Here’s the deal.  I made this top out of curved layers of 1-inch insulation foam, glued together with PL Premium construction adhesive.  The foam matrix was over-flexed to return to an about-right amount of curvature.

Then, this huge surf board cum toboggan was progressively shaped to emulate but not quite duplicate the lines established by the original designer and builders in a series of complex curves defining the cockpit edge and some stylistically interesting deck contours of the hull.

Then, I armoured the entire matrix with pieces of 1/8” plywood.  This “door skin” material was glued to the foam with PL as well, and held in contact (imperfectly) with use of a long list of differing techniques and articles that lent weight and portability - tires, steel pipes, etc.

I decided to forgo the added structural enhancement of vacuum bagging.  And actual mechanical fastening was pretty much hit or miss.  The edge curves were cut with a Japanese pull saw to a rough approximation of the line, that was itself a rough approximation of the goby line(s).  Then, with the limits placed by excessive joint pain and spinal stenosis and all that stuff that comes with “the territory”, I picked up my quite-heavy belt sander and proceeded to carve the edges in both fair curves and some semblance of a single plane as it wraps around this monolith.  “Chainsaw surgery,” if ever there was a case.  When I figured either that I would probably drop the damn sander, or when I actually thought it was “good enough,” I gave up the edge carving.  Then, with the full spectrum of success and failure, I glued a 2” wide strip of door skin around the edges, taking huge advantage of the gap-filling nature of PL.
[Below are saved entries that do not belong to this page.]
Lemma measurable_pre a : measurable_fun setT (pre a).
Proof.
apply: measurable_fun_cyl => -[|n] w.
  by rewrite cyl0 preimage_setT.
rewrite preimage_pre_cylS; case: eqP => _; [exact: measurable_cyl|exact: measurable0].
Qed.

Definition cylinders0 : set (set Omega) := cylinders `|` [set set0].

Lemma measurable_cylinders0 : measurable = <<s cylinders0 >>.
Proof.
apply/seteqP; split; apply: smallest_sub; try exact: smallest_sigma_algebra.
  by move=> A cA; apply: sub_sigma_algebra; left.
by move=> A [cA|->]; [exact: sub_sigma_algebra|exact: sigma_algebra0].
Qed.

Lemma cylinders0_setI_le n m (w v : Omega0) : (n <= m)%N ->
  cylinders0 (cyl n w `&` cyl m v).
Proof.
move=> nm; have [wv|wv] := pselect (forall i, (i < n)%N -> w i = v i).
  left; exists m, v; apply/seteqP; split => [x [] //|x xv]; split => // i ni.
  by rewrite wv // xv // (leq_trans ni).
right; apply/seteqP; split => // x [xw xv]; apply: wv => i ni.
by rewrite -xw // xv // (leq_trans ni).
Qed.

Lemma setI_closed_cylinders0 : setI_closed cylinders0.
Proof.
move=> A B [[n [w ->]]|->] [[m [v ->]]|->]; rewrite ?set0I ?setI0; try by right.
have [nm|/ltnW mn] := leqP n m; first exact: cylinders0_setI_le.
by rewrite setIC; exact: cylinders0_setI_le.
Qed.

Lemma sqr_le_of_quadratic_ge0 {R : realFieldType} (a b c : R) : 0 <= c ->
  (forall t, 0 <= a + 2 * t * b + t ^+ 2 * c) -> b ^+ 2 <= a * c.
Proof.
move=> c_ge0 q_ge0; have [c0|c_neq0] := eqVneq c 0.
  rewrite c0 mulr0; have [->|b_neq0] := eqVneq b 0; first by rewrite expr0n.
  have e : 2 * (- (a + 1) / (2 * b)) * b = - (a + 1) by field; rewrite b_neq0.
  by move: (q_ge0 (- (a + 1) / (2 * b))); rewrite e c0 mulr0; lra.
have c_gt0 : 0 < c by rewrite lt_def c_neq0.
have := q_ge0 (- b / c).
have -> : a + 2 * (- b / c) * b + (- b / c) ^+ 2 * c = a - b ^+ 2 / c by field.
by rewrite subr_ge0 ler_pdivrMr.
Qed.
As luck would have it, my most recent order of fiberglass tape was not yet arrived, so I cut strips from a sheet of specialized glass cloth that is truly NOT a good candidate for this sort of improvisation.  These strips were stuck over the edge, and held it in place in a more or less accurate representation of what the thing should look like.  Finally, the whole shootin’ match was glassed over in a single sheet.

The underside was varnished.  And, then through a feat of gymnastics, I got the whole thing up and sort of poised for the next phase.
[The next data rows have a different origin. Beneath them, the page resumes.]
(* pi kills the span: p o t = 0 and {0, 0} = 0 in uce(Q). *)
Lemma image_gens_killed (ms : seq (K * M * M)) :
  rel_span (fun f => fs_eval f (fs_map p (image_gens t ms))).
Proof.
apply: rel_span_ext (rel_spanZ (\sum_(e <- ms) e.1.1) (rel_span_zeror PQ 0)) => f.
rewrite fs_eval_map /fs_eval /image_gens big_map mulr_suml.
by apply: eq_bigr => e _; rewrite !p_t.
Qed.

End SplitExtension.

Theorem proposition5p1 (K : fieldType) (M G Q : HLA K)
    (t : {linear M -> G}) (p : {linear G -> Q}) (s : {linear Q -> G}) :
  alpha_perfect M -> alpha_perfect G -> alpha_perfect Q ->
  (forall x : Q, hla_alpha Q x = x) ->
  hla_hom t -> hla_hom p -> hla_hom s ->
  injective t ->
  (forall q : Q, exists g : G, p g = q) ->
  (forall g : G, p g = 0 <-> exists m : M, g = t m) ->
  (forall q : Q, p (s q) = q) ->
  forall w : fsum G, fs_on w ->
    (* [w] in Ker(pi), pi = uce_alpha(p) *)
    (uce_zero (fs_map p w) <->
     (* [w] in the span of the classes {t(alpha_M m1), t(alpha_M m2)} *)
     exists ms : seq (K * M * M),
       uce_zero (fs_sub w [seq (e.1.1, t (hla_alpha M e.1.2), t (hla_alpha M e.2)) | e <- ms]))
    /\
    ((exists ms : seq (K * M * M),
       uce_zero (fs_sub w [seq (e.1.1, t (hla_alpha M e.1.2), t (hla_alpha M e.2)) | e <- ms]))
     <->
     (* [w] in tau(uce_alpha(M)) *)
     exists v : fsum M, fs_on v /\ uce_zero (fs_sub w (fs_map t v))).
Proof.
move=> PM PG PQ alphaQ hom_t hom_p hom_s _ _ ker_p section_s w _.
split; split.
- (* [p_* w] = 0 gives [s_* p_* w] = 0, and w - s_* p_* w lies in the span. *)
  move=> /uce_zeroP /(rel_span_map hom_s) Zs.
  have [ms Sms] := fs_section_difference PM PG alphaQ hom_t hom_p hom_s ker_p section_s w.
  exists ms; apply/uce_zeroP; apply: rel_span_ext (rel_spanD Sms Zs) => f /=.
  by rewrite fs_eval_sub fs_eval_map; ring.
-
  move=> [ms /uce_zeroP /(rel_span_map hom_p) Zp]; apply/uce_zeroP.
  apply: rel_span_ext (rel_spanD Zp (image_gens_killed PQ ker_p ms)) => f /=.
  by rewrite fs_eval_sub !fs_eval_map; ring.
- move=> [ms Z]; have [v [von Ev]] := (image_gensP t (image_gens t ms)).1 (ex_intro _ ms erefl).
  by exists v; split; rewrite // -Ev.
- move=> [v [von Z]]; have [ms Ems] := (image_gensP t (fs_map t v)).2 (ex_intro _ v (conj von erefl)).
  by exists ms; move: Z; rewrite Ems.
Qed.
Right now, is the phase in question.  The one that has had me pretty much stalled for several days, now.  Mostly, I just stand out there and visualize stuff.  Often, in the middle of the night, I’ll be out there standing on the ladder, studying imaginary lines on imaginary window frames on imaginary structures as the boat pitches and rolls and pounds into an imaginary head sea.  Checking for sight lines.  Checking for fair curves and potential joint failure.  Mostly, I’m pretending to be one of the Real Guys standing there and trying not to gag on my less-than-Chippendale workmanship.

Pictures don’t really convey this conundrum.  Words sort of just bounce off.  Like those bullets from Super Man’s chest.  And, there isn’t another one quite like it, to compare it to.   Equal parts blessing and curse.
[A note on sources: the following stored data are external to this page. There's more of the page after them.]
Lemma s_fuel_stable p q f1 f2 n : 0 < p -> 0 < q -> n < f1 -> n < f2 ->
  s_fuel p q f1 n = s_fuel p q f2 n.
Proof.
move=> p0 q0; elim: f1 f2 n => [|f1 IH] [|f2] n //= h1 h2.
by congr (_ + _ + _); case: ifP => // hn; apply: IH; lia.
Qed.

Lemma sseqE p q n : 0 < p -> 0 < q ->
  sseq p q n = (n == 0) + (if p <= n then sseq p q (n - p) else 0)
                        + (if q <= n then sseq p q (n - q) else 0).
Proof.
move=> p0 q0; rewrite [LHS]/sseq [LHS]/=.
by congr (_ + _ + _); case: ifP => // hn; apply: s_fuel_stable; lia.
Qed.

Fixpoint Pstate_fuel (m fuel x L : nat) : nat :=
  match fuel, L with
  | 0, _ => 0
  | f.+1, 0 => x == 0
  | f.+1, L'.+1 => (if x is x'.+1 then Pstate_fuel m f x' L' else 0)
                  + (if x <= L' then Pstate_fuel m f (m - x) (L' - x) else 0)
  end.

Definition Pstate m x L := Pstate_fuel m L.+1 x L.

Lemma Pstate_fuel_stable m f1 f2 x L : L < f1 -> L < f2 ->
  Pstate_fuel m f1 x L = Pstate_fuel m f2 x L.
Proof.
elim: f1 f2 x L => [|f1 IH] [|f2] x [|L] //= h1 h2.
congr (_ + _); first by case: x => // x; apply: IH; lia.
by case: ifP => // h; apply: IH; lia.
Qed.

Lemma Pstate0 m x : Pstate m x 0 = (x == 0).
Proof. by []. Qed.

Lemma PstateS m x L : Pstate m x L.+1 =
  (if x is x'.+1 then Pstate m x' L else 0)
  + (if x <= L then Pstate m (m - x) (L - x) else 0).
Proof.
have unfold1 f : Pstate_fuel m f.+1 x L.+1 =
    (if x is x'.+1 then Pstate_fuel m f x' L else 0)
    + (if x <= L then Pstate_fuel m f (m - x) (L - x) else 0) by [].
rewrite /Pstate unfold1 {unfold1}; congr (_ + _).
by case: ifP => // h; apply: Pstate_fuel_stable; lia.
Qed.

Lemma Pstate0S m L : Pstate m 0 L.+1 = Pstate m m L.
Proof. by rewrite PstateS !subn0. Qed.

Lemma Pstate_small m x L : L < x -> Pstate m x L = 0.
Proof.
elim: L x => [|L IH] [|x] // h.
by rewrite PstateS IH //; case: ifP => //; lia.
Qed.

Lemma big_nat_shift a b (F : nat -> nat) :
  \sum_(a <= i < b) F i = \sum_(0 <= i < b - a) F (i + a).
Proof. by rewrite -{1}[a]add0n big_addn. Qed.

Section SquareIdentity.
Variable m : nat.
Local Notation s := (sseq 1 (m + 2)).

Lemma s0 : s 0 = 1.
Proof. by rewrite sseqE // addn2. Qed.

Lemma sS n : s n.+1 = s n + (if m + 2 <= n.+1 then s (n.+1 - (m + 2)) else 0).
Proof. by rewrite sseqE ?addn2 // subn1 add0n. Qed.

Lemma mul_s_Pstate c x : x <= m -> x <= c ->
  s (c - x) * s c.+1 = \sum_(0 <= L < c.+1) Pstate m x L * s (c - L) ^ 2.
Proof.
elim/ltn_ind: c x => c IH x xm xc.
rewrite big_nat_recl // Pstate0 subn0.
under eq_bigr do rewrite PstateS mulnDl.
rewrite big_split /= sS mulnDr addnA; congr (_ + _).
  case: x xm xc => [|x] xm xc.
    by rewrite big1 ?addn0 ?subn0 ?eqxx ?mul1n ?mulnn.
  case: c IH xc => [|c] IH xc; first lia.
  by rewrite (_ : (x.+1 == 0) = false) // mul0n add0n; apply: IH; lia.
rewrite (big_cat_nat _ (n := x)) //= big1_seq ?add0n; last first.
  by move=> L; rewrite mem_iota => /andP[_ hL]; case: ifP => //; lia.
rewrite big_nat_shift; case: ifP => hc; last first.
  rewrite muln0 big1_seq // => L; rewrite mem_iota => /andP[_ hL].
  by rewrite ifT ?Pstate_small //; lia.
have -> : s (c - x) = s (c - x).-1.+1 by congr s; lia.
rewrite (_ : s (c.+1 - (m + 2)) = s ((c - x).-1 - (m - x))); last by congr s; lia.
rewrite mulnC IH; try lia.
rewrite (_ : (c - x).-1.+1 = c - x); last lia.
apply: eq_big_nat => L hL; rewrite ifT; last lia.
by congr (Pstate _ _ _ * s _ ^ 2); lia.
Qed.

Definition cross n := \sum_(m + 2 <= r < n.+1) Pstate m 0 (r - 1) * s (n - r) ^ 2.

Lemma cross_small n : n < m + 2 -> cross n = 0.
Proof. by move=> h; rewrite /cross big_geq. Qed.

Lemma mul_s_cross n : m + 2 <= n.+1 -> s (n.+1 - (m + 2)) * s n = cross n.+1.
Proof.
case: n => [|n] h; first lia.
rewrite (_ : n.+2 - (m + 2) = n - m); last lia.
rewrite mul_s_Pstate //; last lia.
rewrite (big_cat_nat _ (n := m)) //; last lia.
rewrite [LHS]/= big1_seq ?add0n; last first.
  by move=> L; rewrite mem_iota => /andP[_ hL]; rewrite Pstate_small //; lia.
rewrite /cross big_nat_shift [in RHS]big_nat_shift.
rewrite (_ : n.+1 - m = n.+3 - (m + 2)); last lia.
apply: eq_big_nat => i hi.
rewrite (_ : i + (m + 2) - 1 = (i + m).+1); last lia.
by rewrite PstateS !subn0 add0n; congr (Pstate _ _ _ * s _ ^ 2); lia.
Qed.

Lemma sq_sS n : s n.+1 ^ 2 =
  s n ^ 2 + (if m + 2 <= n.+1 then s (n.+1 - (m + 2)) ^ 2 else 0) + 2 * cross n.+1.
Proof.
rewrite sS; case: ifP => h; last by rewrite cross_small ?addn0 //; lia.
by rewrite sqrnD -mul_s_cross // (mulnC (s n)).
Qed.

Definition sconv (f : nat -> nat) n := \sum_(0 <= k < n.+1) s k * f (n - k).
I carved an inch and a half thick cedar 2x6 into a pair of “window sills” for fitting into the gaping hole along the sides of this thing.  Then the big decision to either made individual window frames to stick up one at a time.  Or something else, altogether.  I won’t further confuse the issue, other than to show a few photos of what is sort of mocked up right now.  This thing is gonna’ take a couple days to “build itself.”

Then, maybe I’ll have something, decent, to show.

Maybe a half-day on the table saw and router table and sander and jointer will render enough tigerwood strips to glue over that obnoxious green plywood that is itself a fairing panel.  Maybe.